Well, we are responsible to some extent for stemming the flow of oil by getting into a fight with Iran, so I suppose you can justify the U.S. being responsible for opening up the Straits.  I am not mad at our allies who don’t want to help out. Apparently some of them are helping but haven’t been named.  And on the continued fighting:

  • Israel strikes Iran: The Israeli military said on Monday it had launched a “broad wave” of attacks across Iran. Earlier, airstrikes again targeted the Mehrabad airport in Tehran, and a thick plume of smoke was rising from the airport, according to several residents of Tehran.

  • Iranian response: Iran’s foreign minister, Abbas Araghchi, told CBS News on Sunday that the country was “ready to defend ourselves as long as it takes” and denied Mr. Trump’s claim a day earlier that Iran wanted to make a deal. “We never asked for a cease-fire, and we have never asked even for negotiation,” he said.

The NYT also reports that in the arguments over who would be Iran’s next Supreme Leader, there was a squabble (the NYT calls it a “full-on war of succession”) between the moderates and the Revolutionary Guards. Since Mojtaba Khamenei was chosen, the Guard clearly won.

*At the Free Press, Michael B. Oren, former Israeli Ambassador to the U.S., tells us “How this war ends.”

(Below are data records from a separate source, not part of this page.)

(* Let $k,l\geq 0$. In the $\mathbb{Q}$-vector space with basis the surjective maps $\sigma:[k+l]\twoheadrightarrow[p]$, $p\leq k+l$, the following identity holds: \[\sum_{\substack{\sigma'\in \mathrm{inc}(k),\ \sigma''\in \mathrm{inc}(l)\\ \tau \in \mathrm{qsh}(\max(\sigma'),\max(\sigma''))}}\frac{\tau\circ(\sigma' \otimes \sigma'')}{\sigma'!\,\sigma''!} =\sum_{\substack{\sigma\in \mathrm{sh}(k,l)\\ \tau\in \mathrm{inc}(k+l)}} \frac{\tau\circ \sigma}{\tau!}. \]
   Context: For $n\in\mathbb{N}$, $[n]=\{1,\dots,n\}$, $[0]=\emptyset$. For $k,l\geq 0$, a $(k,l)$-quasi-shuffle is a surjective map $\sigma:[k+l]\twoheadrightarrow[n]$ (for some $n$) with $\sigma(1)<\dots<\sigma(k)$ and $\sigma(k+1)<\dots<\sigma(k+l)$; $\mathrm{qsh}(k,l)$ is the set of these. $\mathrm{sh}(k,l)\subseteq\mathrm{qsh}(k,l)$ is the set of injective ones (shuffles, i.e. bijections $[k+l]\to[k+l]$). For $k\geq 0$, $\mathrm{inc}(k)$ is the set of surjective maps $\sigma:[k]\twoheadrightarrow[m]$ (some $m$) with $\sigma(1)\leq\dots\leq\sigma(k)$ (for $k=0$ it consists of the empty map, with $\max=0$). For a map $\sigma:[k]\to[m]$, $\sigma!=\prod_{i=1}^m|\sigma^{-1}(i)|!$, and $\max(\sigma)$ is its largest value ($0$ if $k=0$). For $\sigma':[k]\to[a]$ and $\sigma'':[l]\to[b]$, $\sigma'\otimes\sigma'':[k+l]\to[a+b]$ is the map $i\mapsto\sigma'(i)$ for $i\leq k$ and $i\mapsto a+\sigma''(i-k)$ for $i>k$. *)

From mathcomp Require Import all_boot all_algebra.
Set Implicit Arguments. Unset Strict Implicit. Unset Printing Implicit Defensive.
Import GRing.Theory Num.Theory.

(* A map sigma : [n] -> [m] (1-indexed, as in the paper) is encoded as the
   sequence s = [:: sigma 1; ...; sigma n] : seq nat. *)

(* max(sigma): largest value, 0 for the empty map *)
Definition smax (s : seq nat) : nat := \max_(x <- s) x.

Definition is_surj (s : seq nat) : bool :=
  all (fun x => 0 < x) s && all (fun j => j \in s) (iota 1 (smax s)).

Definition incb (s : seq nat) : bool := is_surj s && sorted leq s.

Definition qshb (k l : nat) (s : seq nat) : bool :=
  [&& size s == k + l, is_surj s, sorted ltn (take k s) & sorted ltn (drop k s)].

Definition shb (k l : nat) (s : seq nat) : bool := qshb k l s && uniq s.

Definition sfact (s : seq nat) : nat := \prod_(j <- iota 1 (smax s)) (count_mem j s)`!.

Definition tensor (s1 s2 : seq nat) : seq nat := s1 ++ [seq smax s1 + x | x <- s2].

Definition comp (t s : seq nat) : seq nat := [seq nth 0 t x.-1 | x <- s].

(* all maps [n] -> [n] (values in 1..n), each listed exactly once;
   every surjection [n] ->> [m] (m <= n) occurs here *)
Definition maps (n : nat) : seq (seq nat) :=
  [seq [seq (val (f i)).+1 | i <- enum 'I_n] | f : {ffun 'I_n -> 'I_n}].

Definition Inc (k : nat) : seq (seq nat) := [seq s <- maps k | incb s].
Definition Qsh (k l : nat) : seq (seq nat) := [seq s <- maps (k + l) | qshb k l s].
Definition Sh (k l : nat) : seq (seq nat) := [seq s <- maps (k + l) | shb k l s].

(* Formal Q-linear combinations of maps (encoded as seq nat): coefficient functions. *)
Definition lincomb := seq nat -> rat.
Definition basis (g : seq nat) : lincomb := fun h => ((h == g)%:R)%R.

 . . . barring an irrepressible popular revolt or a coup within the Iranian regime, neither of which currently seems probable, there is only one way that this war can successfully end. Decisively defeating Iran requires an initial application of massive military power followed by a long-term strategy of total containment. The model must not be the “forever wars” in Iraq and Afghanistan, but rather the generational struggle against Soviet Communism—the Cold War that the United States ultimately won.

. . .Should the war end now, much of the Middle East would once again fall into Tehran’s sphere of influence. Confident that future American presidents will not renew major operations against it, the regime can resume its manufacture of ballistic missiles and reconstruct its nuclear facilities. The Strait of Hormuz will become an exclusively Iranian-controlled channel while terrorist attacks multiply across the Western world. The Gulf States, already afraid to alienate Iran by retaliating for its rocket and drone attacks against them, will rush to pay homage to the Islamic Republic. The people of Iran will be subject to unending and increasingly violent oppression. The international balance of power will also be skewed, with Russia and China reaching dangerous conclusions about America’s staying power.

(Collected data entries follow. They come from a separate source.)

(* Let $\mathcal{Q}=\langle\mathcal{A},\mathcal{R}^-,\mathcal{R}^+,\tau\rangle$ be a QBAF, $\sigma$ a gradual semantics, $\alpha\in\mathcal{A}$ and $r_i,r_j\in\mathcal{R}$ with $r_i\neq r_j$. Suppose there exists $\mathcal{S}'\subseteq\mathcal{R}\setminus\{r_i,r_j\}$ with $\sigma_{\mathcal{S}'\cup\{r_i\}}(\alpha)>\sigma_{\mathcal{S}'\cup\{r_j\}}(\alpha)$, and that for all $\mathcal{S}''\subseteq\mathcal{R}\setminus\{r_i,r_j\}$ with $\mathcal{S}''\neq\mathcal{S}'$ we have $\sigma_{\mathcal{S}''\cup\{r_i\}}(\alpha)\ge\sigma_{\mathcal{S}''\cup\{r_j\}}(\alpha)$. Then $\phi^\alpha_\sigma(r_i)>\phi^\alpha_\sigma(r_j)$.
   Context: A QBAF is a quadruple $\mathcal{Q}=\langle\mathcal{A},\mathcal{R}^-,\mathcal{R}^+,\tau\rangle$ with $\mathcal{A}$ a finite set of arguments, $\mathcal{R}^-,\mathcal{R}^+\subseteq\mathcal{A}\times\mathcal{A}$ disjoint attack and support relations, and $\tau:\mathcal{A}\to[0,1]$ base scores; $\mathcal{R}=\mathcal{R}^-\cup\mathcal{R}^+$. A gradual semantics $\sigma$ assigns strengths in $[0,1]$ to arguments of QBAFs and is assumed well-defined on all QBAFs considered. For $\mathcal{S}\subseteq\mathcal{R}$, $\sigma_{\mathcal{S}}(\alpha)$ denotes the strength of $\alpha$ in $\langle\mathcal{A},\mathcal{R}^-\cap\mathcal{S},\mathcal{R}^+\cap\mathcal{S},\tau\rangle$. The RAE from $r$ to $\alpha$ under $\sigma$ is $$\phi^\alpha_\sigma(r)=\sum_{\mathcal{S}\subseteq\mathcal{R}\setminus\{r\}}\frac{(|\mathcal{R}|-|\mathcal{S}|-1)!\,|\mathcal{S}|!}{|\mathcal{R}|!}\big[\sigma_{\mathcal{S}\cup\{r\}}(\alpha)-\sigma_{\mathcal{S}}(\alpha)\big].$$ *)

From mathcomp Require Import all_boot all_order all_algebra.
Set Implicit Arguments. Unset Strict Implicit. Unset Printing Implicit Defensive.
Import Order.TTheory GRing.Theory Num.Theory.
Local Open Scope ring_scope.

Record QBAF (A : finType) (R : realFieldType) := MkQBAF {
  att : {set A * A};
  sup : {set A * A};
  tau : A -> R }.

Definition qbaf_wf (A : finType) (R : realFieldType) (Q : QBAF A R) : Prop :=
  [disjoint att Q & sup Q] /\ (forall a, 0 <= tau Q a <= 1).

Definition rels (A : finType) (R : realFieldType) (Q : QBAF A R) : {set A * A} :=
  att Q :|: sup Q.

Definition restrict (A : finType) (R : realFieldType) (Q : QBAF A R)
    (S : {set A * A}) : QBAF A R :=
  MkQBAF (att Q :&: S) (sup Q :&: S) (tau Q).

Definition semantics (A : finType) (R : realFieldType) := QBAF A R -> A -> R.

Definition gradual (A : finType) (R : realFieldType) (sigma : semantics A R) : Prop :=
  forall Q, qbaf_wf Q -> forall a, 0 <= sigma Q a <= 1.

Definition strengthS (A : finType) (R : realFieldType) (sigma : semantics A R)
    (Q : QBAF A R) (S : {set A * A}) (alpha : A) : R :=
  sigma (restrict Q S) alpha.

Definition RAE (A : finType) (R : realFieldType) (sigma : semantics A R)
    (Q : QBAF A R) (alpha : A) (r : A * A) : R :=
  \sum_(S in powerset (rels Q :\ r))
     (((#|rels Q| - #|S| - 1)`! * #|S|`!)%:R / (#|rels Q|`!)%:R) *
     (strengthS sigma Q (r |: S) alpha - strengthS sigma Q S alpha).

From mathcomp Require Import all_boot all_order all_algebra ring.
Import Order.TTheory GRing.Theory Num.Theory.
Set Implicit Arguments.
Unset Strict Implicit.
Unset Printing Implicit Defensive.
Local Open Scope ring_scope.

(* The RAE is the Shapley value of the coalitional game [S |-> sigma_S(alpha)]
   whose players are the relations.  Pairing each coalition avoiding both [ri]
   and [rj] with its extensions by the other relation, the difference of the two
   Shapley values becomes a sum, with positive weights, of the differences
   [sigma_{T + ri}(alpha) - sigma_{T + rj}(alpha)]: all of them are nonnegative
   and one is positive. *)

Lemma sum_powersetD1 (T : finType) (V : nmodType) (D : {set T}) (x : T)
    (F : {set T} -> V) :
  x \in D ->
  \sum_(S in powerset D) F S = \sum_(S in powerset (D :\ x)) (F S + F (x |: S)).
Proof.
move=> xD; rewrite big_split /= [LHS](bigID (fun S : {set T} => x \in S)) /= addrC.
congr (_ + _); first by apply: eq_bigl => S; rewrite !powersetE subsetD1.
rewrite (reindex_onto (fun S => x |: S) (fun S => S :\ x)) /=; last first.
  by move=> S /andP[_ xS]; rewrite setD1K.
apply: eq_bigl => S; rewrite !powersetE subsetD1 setU11 andbT subUset sub1set xD /=.
case xS: (x \in S); last by rewrite setU1K ?xS ?eqxx ?andbT.
rewrite andbF; apply/negbTE/nandP; right; apply/eqP => eq_S.
by move: xS; rewrite -eq_S !inE eqxx.
Qed.

Section Shapley.

Variables (T : finType) (R : numFieldType).

Definition shapley_weight (n k : nat) : R := ((n - k - 1)`! * k`!)%:R / (n`!)%:R.

Definition shapley (D : {set T}) (v : {set T} -> R) (x : T) : R :=
  \sum_(S in powerset (D :\ x)) shapley_weight #|D| #|S| * (v (x |: S) - v S).

Lemma shapley_weight_gt0 n k : 0 < shapley_weight n k.
Proof. by apply: divr_gt0; rewrite ltr0n ?muln_gt0 !fact_gt0. Qed.

Lemma shapleyB (D : {set T}) (v : {set T} -> R) (x y : T) :
  x \in D -> y \in D -> x != y ->
  shapley D v x - shapley D v y =
  \sum_(S in powerset (D :\: [set x; y]))
     (shapley_weight #|D| #|S| + shapley_weight #|D| #|S|.+1) *
     (v (x |: S) - v (y |: S)).
Proof.
move=> xD yD neq_xy.
have yDx : y \in D :\ x by rewrite in_setD1 yD andbT eq_sym.
have xDy : x \in D :\ y by rewrite in_setD1 xD andbT.
rewrite /shapley (sum_powersetD1 _ yDx) (sum_powersetD1 _ xDy) !setDDl (setUC [set y]) -sumrB.
apply: eq_bigr => S; rewrite powersetE => /subsetP SD.
have xS : x \notin S by apply/negP => /SD; rewrite !inE eqxx.
have yS : y \notin S by apply/negP => /SD; rewrite !inE eqxx orbT.
by rewrite !cardsU1 xS yS setUCA add1n; ring.
Qed.

Lemma shapley_lt (D : {set T}) (v : {set T} -> R) (x y : T) :
  x \in D -> y \in D -> x != y ->
  (forall S : {set T}, S \subset D :\: [set x; y] -> v (y |: S) <= v (x |: S)) ->
  (exists2 S : {set T}, S \subset D :\: [set x; y] & v (y |: S) < v (x |: S)) ->
  shapley D v y < shapley D v x.
Proof.
move=> xD yD neq_xy le_yx [S0 S0D lt_yx].
rewrite -subr_gt0 shapleyB // (bigD1 S0) ?powersetE //=.
apply: ltr_wpDr.
  apply: sumr_ge0 => S /andP[]; rewrite powersetE => SD _.
  by apply: mulr_ge0; rewrite ?subr_ge0 ?le_yx // ltW ?addr_gt0 ?shapley_weight_gt0.
by apply: mulr_gt0; rewrite ?subr_gt0 // addr_gt0 ?shapley_weight_gt0.
Qed.

End Shapley.

Lemma RAE_shapley (A : finType) (R : realFieldType) (sigma : semantics A R)
    (Q : QBAF A R) (alpha : A) (r : A * A) :
  RAE sigma Q alpha r = shapley (rels Q) (strengthS sigma Q ^~ alpha) r.
Proof. by []. Qed.

Theorem proposition5 (A : finType) (R : realFieldType) (Q : QBAF A R)
    (sigma : semantics A R) (alpha : A) (ri rj : A * A) :
  qbaf_wf Q -> gradual sigma ->
  ri \in rels Q -> rj \in rels Q -> ri != rj ->
  (exists S' : {set A * A},
      S' \subset rels Q :\: [set ri; rj] /\
      strengthS sigma Q (ri |: S') alpha > strengthS sigma Q (rj |: S') alpha /\
      (forall S'' : {set A * A}, S'' \subset rels Q :\: [set ri; rj] -> S'' != S' ->
         strengthS sigma Q (ri |: S'') alpha >= strengthS sigma Q (rj |: S'') alpha)) ->
  RAE sigma Q alpha ri > RAE sigma Q alpha rj.
Proof.
move=> _ _ riR rjR neq_ij [S' [S'D [lt_S' ge_S]]].
rewrite !RAE_shapley; apply: shapley_lt => //; last by exists S'.
move=> S SD; have [-> | neq_S] := eqVneq S S'; first exact: ltW.
exact: ge_S.
Qed.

To avoid that catastrophic scenario, the United States and Israel must deny Iran a victory by any definition. They must continue their intense bombing campaign to destroy Iran’s ability to produce, store, and launch missiles and drones. They must clear the Strait of Hormuz of Iranian mines, so that oil freighters can be safely escorted through its waters. Once defanged, Iran can be sealed by a hermetic naval blockade that will prevent the export of a single drop of oil and the entry of all but essential foodstuffs and medicines. Every effort should be made to ease the suffering of the civilian population while facilitating their ability to resist—and perhaps overthrow—the regime. It may take several years, but the Islamic Republic will fall. The Soviet Union eventually collapsed because outside pressure forced it to collapse in on itself. The same can be true of Iran.

None of this will require a single boot on the ground, nor certainly a prolonged military occupation. Unlike Iraq and Afghanistan, Iran is a long-established nation that America need not intervene in to rebuild. But like the Soviet Bloc, Iran represents an idea that must be defeated. And once that is accomplished, energy supplies can be safeguarded and Russia and China deterred. The U.S. can broker previously unthinkable peace treaties in the Middle East and help forge a strategic alliance stretching from the Mediterranean to the Ganges. Iran can rejoin the community of nations and rekindle its people’s hope for freedom. That, in answer to the interviewers’ most frequently asked question, is how the war must end.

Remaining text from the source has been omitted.